During transcription initiation, the TFIIH-kinase Kin28/Cdk7 marks RNA polymerase II (Pol II) by phosphorylating the C-terminal domain (CTD) of its largest subunit. Here we describe a structure-guided chemical approach to covalently and specifically inactivate Kin28 kinase activity in vivo. This method of irreversible inactivation recapitulates both the lethal phenotype and the key molecular signatures that result from genetically disrupting Kin28 function in vivo. Inactivating Kin28 impacts promoter release to differing degrees and reveals a “checkpoint” during the transition to productive elongation.
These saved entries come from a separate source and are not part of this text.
(* The Lack model structure on $2\mathrm{Cat}$ is right-induced along $\mathbb{H}\colon 2\mathrm{Cat}\to\mathrm{DblCat}$ (from the adjunction $L\dashv\mathbb{H}$) from the model structure on $\mathrm{DblCat}$ right-induced along $(\mathbf{H},\mathcal{V})$ from two copies of the Lack model structure. That is, a 2-functor $F\colon\mathcal{A}\to\mathcal{B}$ is a biequivalence (resp.\ Lack fibration) if and only if $\mathbb{H}F\colon\mathbb{H}\mathcal{A}\to\mathbb{H}\mathcal{B}$ is a weak equivalence (resp.\ fibration) in $\mathrm{DblCat}$, i.e.\ a double biequivalence (resp.\ double fibration).
   Context: $\mathbb{H}\colon 2\mathrm{Cat}\to\mathrm{DblCat}$ sends a 2-category to the double category with the same objects, its morphisms as horizontal morphisms, only identity vertical morphisms, and its 2-cells as squares; it has a left adjoint $L$. $\mathbf{H}$ sends a double category to its underlying horizontal 2-category (objects, horizontal morphisms, squares with identity vertical boundaries as 2-cells). $\mathcal{V}\mathbb{A}$ is the 2-category with vertical morphisms as objects, squares as morphisms, and as 2-cells from $\alpha\colon(u\,{}^{a}_{b}\,v)$ to $\beta\colon(u\,{}^{c}_{d}\,v)$ pairs of squares with identity vertical boundaries $\sigma_0\colon a\Rightarrow c$, $\sigma_1\colon b\Rightarrow d$ with $\sigma_0$ on top of $\beta$ equal to $\alpha$ on top of $\sigma_1$. A biequivalence is a 2-functor essentially surjective up to equivalence on objects, essentially full up to invertible 2-cell on morphisms and fully faithful on 2-cells; a Lack fibration is a 2-functor $G$ for which equivalences $b\colon B\to GC$ lift to equivalences $a$ with $Ga=b$, and invertible 2-cells $\beta\colon b\cong Gc$ lift to invertible 2-cells $\alpha\colon a\cong c$ with $G\alpha=\beta$. The Lack model structure on $2\mathrm{Cat}$ has these as weak equivalences and fibrations. The model structure on $\mathrm{DblCat}$ has as weak equivalences (resp.\ fibrations) the double functors $F$ with $\mathbf{H}F$ and $\mathcal{V}F$ biequivalences (resp.\ Lack fibrations); these are called double biequivalences (resp.\ double fibrations). *)

(* Strict 2-categories and strict double categories, encoded
   "single-sorted per dimension": each kind of cell forms one type, with
   boundary maps, and composition takes a proof that the arguments are
   composable.  Axioms quantify over all such proofs. *)
From Stdlib Require Import ProofIrrelevance.

(** * Strict 2-categories *)

Record TwoCatData := {
  ob : Type; mor : Type; cell : Type;
  s1 : mor -> ob; t1 : mor -> ob; id1 : ob -> mor;
  (* c1 f g = "f then g" (diagrammatic order) *)
  c1 : forall f g : mor, t1 f = s1 g -> mor;
  s2 : cell -> mor; t2 : cell -> mor; id2 : mor -> cell;
  v2 : forall a b : cell, t2 a = s2 b -> cell;
  h2 : forall a b : cell, t1 (s2 a) = s1 (s2 b) -> cell }.

Arguments s1 {_} _. Arguments t1 {_} _. Arguments id1 {_} _.
Arguments c1 {_} _ _ _. Arguments s2 {_} _. Arguments t2 {_} _.
Arguments id2 {_} _. Arguments v2 {_} _ _ _. Arguments h2 {_} _ _ _.

Record is_2cat (C : TwoCatData) : Prop := {
  ax_id1_s : forall x : ob C, s1 (id1 x) = x;
  ax_id1_t : forall x : ob C, t1 (id1 x) = x;
  ax_c1_s : forall (f g : mor C) p, s1 (c1 f g p) = s1 f;
  ax_c1_t : forall (f g : mor C) p, t1 (c1 f g p) = t1 g;
  ax_c1_idl : forall (f : mor C) p, c1 (id1 (s1 f)) f p = f;
  ax_c1_idr : forall (f : mor C) p, c1 f (id1 (t1 f)) p = f;
  ax_c1_assoc : forall (f g h : mor C) p q r r',
      c1 (c1 f g p) h r = c1 f (c1 g h q) r';
  ax_par_s : forall a : cell C, s1 (s2 a) = s1 (t2 a);
  ax_par_t : forall a : cell C, t1 (s2 a) = t1 (t2 a);
  ax_id2_s : forall f : mor C, s2 (id2 f) = f;
  ax_id2_t : forall f : mor C, t2 (id2 f) = f;
  ax_v2_s : forall (a b : cell C) p, s2 (v2 a b p) = s2 a;
  ax_v2_t : forall (a b : cell C) p, t2 (v2 a b p) = t2 b;
  ax_v2_idl : forall (a : cell C) p, v2 (id2 (s2 a)) a p = a;
  ax_v2_idr : forall (a : cell C) p, v2 a (id2 (t2 a)) p = a;
  ax_v2_assoc : forall (a b c : cell C) p q r r',
      v2 (v2 a b p) c r = v2 a (v2 b c q) r';
  ax_h2_s : forall (a b : cell C) p q, s2 (h2 a b p) = c1 (s2 a) (s2 b) q;
  ax_h2_t : forall (a b : cell C) p q, t2 (h2 a b p) = c1 (t2 a) (t2 b) q;
  ax_h2_idl : forall (a : cell C) p, h2 (id2 (id1 (s1 (s2 a)))) a p = a;
  ax_h2_idr : forall (a : cell C) p, h2 a (id2 (id1 (t1 (s2 a)))) p = a;
  ax_h2_assoc : forall (a b c : cell C) p q r r',
      h2 (h2 a b p) c r = h2 a (h2 b c q) r';
  ax_h2_id2 : forall (f g : mor C) p q, h2 (id2 f) (id2 g) p = id2 (c1 f g q);
  ax_interchange : forall (a b c d : cell C) p q r r1 r2 r3,
      h2 (v2 a b p) (v2 c d q) r = v2 (h2 a c r1) (h2 b d r2) r3 }.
While promoter-proximal pausing is not observed in budding yeast, inhibition of Kin28 attenuates elongation-licensing signals, resulting in Pol II accumulation at the +2 nucleosome and reduced transition to productive elongation. Furthermore, upon inhibition, global stabilization of mRNA masks different degrees of reduction in nascent transcription. This study resolves long-standing controversies on the role of Kin28 in transcription and provides a rational approach to irreversibly inhibit other kinases in vivo. Overall design: Total RNA was collected from wild-type and analog-sensitive Kin28 strains treated with reversible inhibitor 1-NAPP-1, irreversible inhibitor CMK, and solvent control DMSO. Equivalent ratios of S. pombe : S. cerevisiae cells were added to each sample before RNA extraction for normalization of read counts after sequencing. Nascent RNA was purified from total RNA by 4-thiouracil labeling, biotinylation, and streptavidin-pulldown. As a negative control, nascent RNA was also extracted from total RNA from cells that had not been treated with 4-thiouracil.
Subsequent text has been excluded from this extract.